ESSOP: Efficient and Scalable Stochastic Outer Product Architecture for Deep Learning

03/25/2020 ∙ by Vinay Joshi, et al. ∙ ibm King's College London 0

Deep neural networks (DNNs) have surpassed human-level accuracy in a variety of cognitive tasks but at the cost of significant memory/time requirements in DNN training. This limits their deployment in energy and memory limited applications that require real-time learning. Matrix-vector multiplications (MVM) and vector-vector outer product (VVOP) are the two most expensive operations associated with the training of DNNs. Strategies to improve the efficiency of MVM computation in hardware have been demonstrated with minimal impact on training accuracy.

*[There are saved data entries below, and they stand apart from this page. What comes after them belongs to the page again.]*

(* Let $n\ge 1$ and let $\mathcal{E}$ be a probability distribution (ensemble) over $n$-qubit unitaries (quantum circuits) $C$ that is well-spread, i.e. there is a constant $\gamma$ (independent of $n$) such that $$\mathbb{E}_{C\sim\mathcal{E}}\big[\pi_C\big]\le \frac{\gamma}{2^n}.$$ For $\delta\in(0,1]$, let $P_\delta$ denote the probability that a circuit $C\sim\mathcal{E}$ is $\delta$-peaked. Then $$P_\delta = O\!\left(\frac{1}{\delta^{2}\,2^{n}}\right).$$
   Context: For an $n$-qubit unitary $C$, let $p_C[s]=|\langle s|C|0^n\rangle|^2$ for $s\in\{0,1\}^n$ be its output distribution when applied to $|0^n\rangle$ and measured in the computational basis. The collision probability of $C$ is $\pi_C:=\sum_{s\in\{0,1\}^n}p_C[s]^2$. Given $\delta\in(0,1]$, $C$ is called $\delta$-peaked if $\max_{s\in\{0,1\}^n}|\langle s|C|0^n\rangle|^2\ge\delta$. The constant implicit in the $O(\cdot)$ may depend on $\gamma$. *)

From HB Require Import structures.
From mathcomp Require Import all_boot all_order all_algebra.
From mathcomp Require Import all_classical all_reals all_analysis.
From mathcomp.real_closed Require Import complex.

Set Implicit Arguments.
Unset Strict Implicit.
Unset Printing Implicit Defensive.

Import Order.TTheory GRing.Theory Num.Theory.
Local Open Scope ring_scope.

(* Computational basis states of n qubits are indexed by 'I_(2^n)
   (binary encoding of bitstrings s in {0,1}^n); index 0 is |0^n>. *)

Section Quantum.
Variable R : realType.
Variable n : nat.

Definition ket0 : 'I_(2 ^ n) := Ordinal (expn_gt0 2 n).

Definition adjmx (C : 'M[R[i]]_(2 ^ n)) : 'M[R[i]]_(2 ^ n) :=
  (map_mx (@conjc R) C)^T.

Definition unitary (C : 'M[R[i]]_(2 ^ n)) : Prop :=
  adjmx C *m C = 1%:M.

Definition sqnorm (z : R[i]) : R := complex.Re z ^+ 2 + complex.Im z ^+ 2.

Definition outp (C : 'M[R[i]]_(2 ^ n)) (s : 'I_(2 ^ n)) : R :=
  sqnorm (C s ket0).

Definition collision (C : 'M[R[i]]_(2 ^ n)) : R :=
  \sum_(s < 2 ^ n) outp C s ^+ 2.

Definition peaked (C : 'M[R[i]]_(2 ^ n)) (delta : R) : Prop :=
  delta <= \big[Num.max/0]_(s < 2 ^ n) outp C s.
End Quantum.

From HB Require Import structures.
From mathcomp Require Import all_boot all_order all_algebra.
From mathcomp Require Import all_classical all_reals all_analysis.
From mathcomp.real_closed Require Import complex.
From mathcomp Require Import measurable_realfun.

(* A delta-peaked circuit has some output probability p_C[s] >= delta, hence
   collision probability pi_C >= p_C[s]^2 >= delta^2.  Markov's inequality for
   the nonnegative random variable pi_C then bounds the probability of being
   delta-peaked by E[pi_C] / delta^2 <= gamma / (delta^2 2^n). *)

Import Order.TTheory GRing.Theory Num.Theory.
Local Open Scope ring_scope.
Local Open Scope classical_set_scope.

Lemma markov_integral {d} {T : measurableType d} {R : realType}
    (mu : {measure set T -> \bar R}) (f : T -> R) (c : R) :
  0 < c -> measurable_fun setT f -> (forall x, 0 <= f x) ->
  (c%:E * mu [set x | (c <= f x)%R] <= \int[mu]_x (f x)%:E)%E.
Proof.
move=> c0 mf f0.
have mEf : measurable_fun [set: T] (EFin \o f) by exact/measurable_EFinP.
have := @le_integral_comp_abse _ _ _ mu _ measurableT _ c id
  (@measurable_id _ _ setT) (fun r r0 => r0) (fun x y _ _ => id) mEf c0.
rewrite setTI.
have -> : [set x | (c%:E <= `|(EFin \o f) x|)%E] = [set x | c <= f x].
  by apply/seteqP; split => x /=; rewrite lee_fin ger0_norm.
by under eq_integral => x _ do rewrite /= ger0_norm //.
Qed.

Section Peaked.
Context {R : realType} {n : nat}.
Implicit Types (C : 'M[R[i]]_(2 ^ n)) (delta : R).

Lemma outp_ge0 C s : 0 <= outp C s.
Proof. by rewrite /outp /sqnorm addr_ge0 // sqr_ge0. Qed.

Lemma peakedP C delta :
  0 < delta -> peaked C delta <-> exists s, delta <= outp C s.
Proof.
move=> delta_gt0; rewrite /peaked; split.
- by case/bigmax_geP => [|[s _ ?]]; [rewrite leNgt delta_gt0 | exists s].
- by case=> s ?; apply/bigmax_geP; right; exists s.
Qed.

Lemma peaked_collision C delta :
  0 < delta -> peaked C delta -> delta ^+ 2 <= collision C.
Proof.
move=> delta_gt0 /(peakedP _ _ delta_gt0) [s delta_le].
rewrite /collision (bigD1 s) //= -[leLHS]addr0 lerD ?sumr_ge0 //.
- by rewrite ler_sqr ?nnegrE ?outp_ge0 // ltW.
- by move=> j _; rewrite sqr_ge0.
Qed.

Context {d : measure_display} {T : measurableType d} {U : T -> 'M[R[i]]_(2 ^ n)}.
Hypothesis measurable_outp :
  forall s, measurable_fun setT (fun t => outp (U t) s).

Lemma measurable_collision : measurable_fun setT (fun t => collision (U t)).
Proof.
apply: measurable_sum => s.
exact: measurable_funX.
Qed.

Lemma measurable_peaked delta :
  0 < delta -> measurable [set t | peaked (U t) delta].
Proof.
move=> delta_gt0.
have -> : [set t | peaked (U t) delta] =
    \bigcup_(s in [set: 'I_(2 ^ n)]) [set t | delta <= outp (U t) s].
  apply/seteqP; split => t /=.
  - by move/(peakedP _ _ delta_gt0) => [s ?]; exists s.
  - by case=> s _ ?; apply/(peakedP _ _ delta_gt0); exists s.
apply: fin_bigcup_measurable; first exact: finite_finset.
move=> s _; rewrite -[X in measurable X]setTI.
exact: measurable_fun_ler (measurable_cst delta)
  (measurable_outp s) measurableT [set true] I.
Qed.

Lemma peaked_measure_le (mu : {measure set T -> \bar R}) delta :
  0 < delta ->
  ((delta ^+ 2)%:E * mu [set t | peaked (U t) delta]
    <= \int[mu]_t (collision (U t))%:E)%E.
Proof.
move=> delta_gt0.
have collision_ge0 t : 0 <= collision (U t).
  by rewrite sumr_ge0 // => s _; rewrite sqr_ge0.
apply: (le_trans _ (markov_integral mu _ _ (exprn_gt0 2 delta_gt0)
  measurable_collision collision_ge0)).
rewrite lee_wpmul2l ?lee_fin ?sqr_ge0 //.
apply: le_measure; rewrite ?inE.
- exact: measurable_peaked.
- rewrite -[X in measurable X]setTI -preimage_itvcy.
  by apply: measurable_collision => //; exact: measurable_itv.
- by move=> t /peaked_collision; apply.
Qed.

End Peaked.

Theorem theorem1 (R : realType) (gamma : R) :
  exists K : R,
  forall (n : nat), (1 <= n)%N ->
  forall (d : measure_display) (T : measurableType d) (P : probability T R)
         (U : T -> 'M[R[i]]_(2 ^ n)),
    (forall t, unitary (U t)) ->
    (forall s : 'I_(2 ^ n), measurable_fun setT (fun t => outp (U t) s)) ->
    (\int[P]_t (collision (U t))%:E <= (gamma / (2 ^+ n)%:R)%:E)%E ->
    forall delta : R, 0 < delta -> delta <= 1 ->
      (P [set t | peaked (U t) delta] <= (K / (delta ^+ 2 * (2 ^ n)%:R))%:E)%E.
Proof.
exists gamma => n _ d T P U _ measurable_outp collision_mean delta delta_gt0 _.
have := le_trans (peaked_measure_le measurable_outp P _ delta_gt0) collision_mean.
rewrite natrXE => peaked_le.
by rewrite invfM mulrCA EFinM lee_pdivlMl ?exprn_gt0.
Qed.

However, the VVOP computation remains a relatively less explored bottleneck even with the aforementioned strategies. Stochastic computing (SC) has been proposed to improve the efficiency of VVOP computation but on relatively shallow networks with bounded activation functions and floating-point (FP) scaling of activation gradients. In this paper, we propose ESSOP, an efficient and scalable stochastic outer product architecture based on the SC paradigm. We introduce efficient techniques to generalize SC for weight update computation in DNNs with the unbounded activation functions (e.g., ReLU), required by many state-of-the-art networks. Our architecture reduces the computational cost by re-using random numbers and replacing certain FP multiplication operations by bit shift scaling. We show that the ResNet-32 network with 33 convolution layers and a fully-connected layer can be trained with ESSOP on the CIFAR-10 dataset to achieve baseline comparable accuracy. Hardware design of ESSOP at 14nm technology node shows that, compared to a highly pipelined FP16 multiplier design, ESSOP is 82.2 energy and area efficiency respectively for outer product computation.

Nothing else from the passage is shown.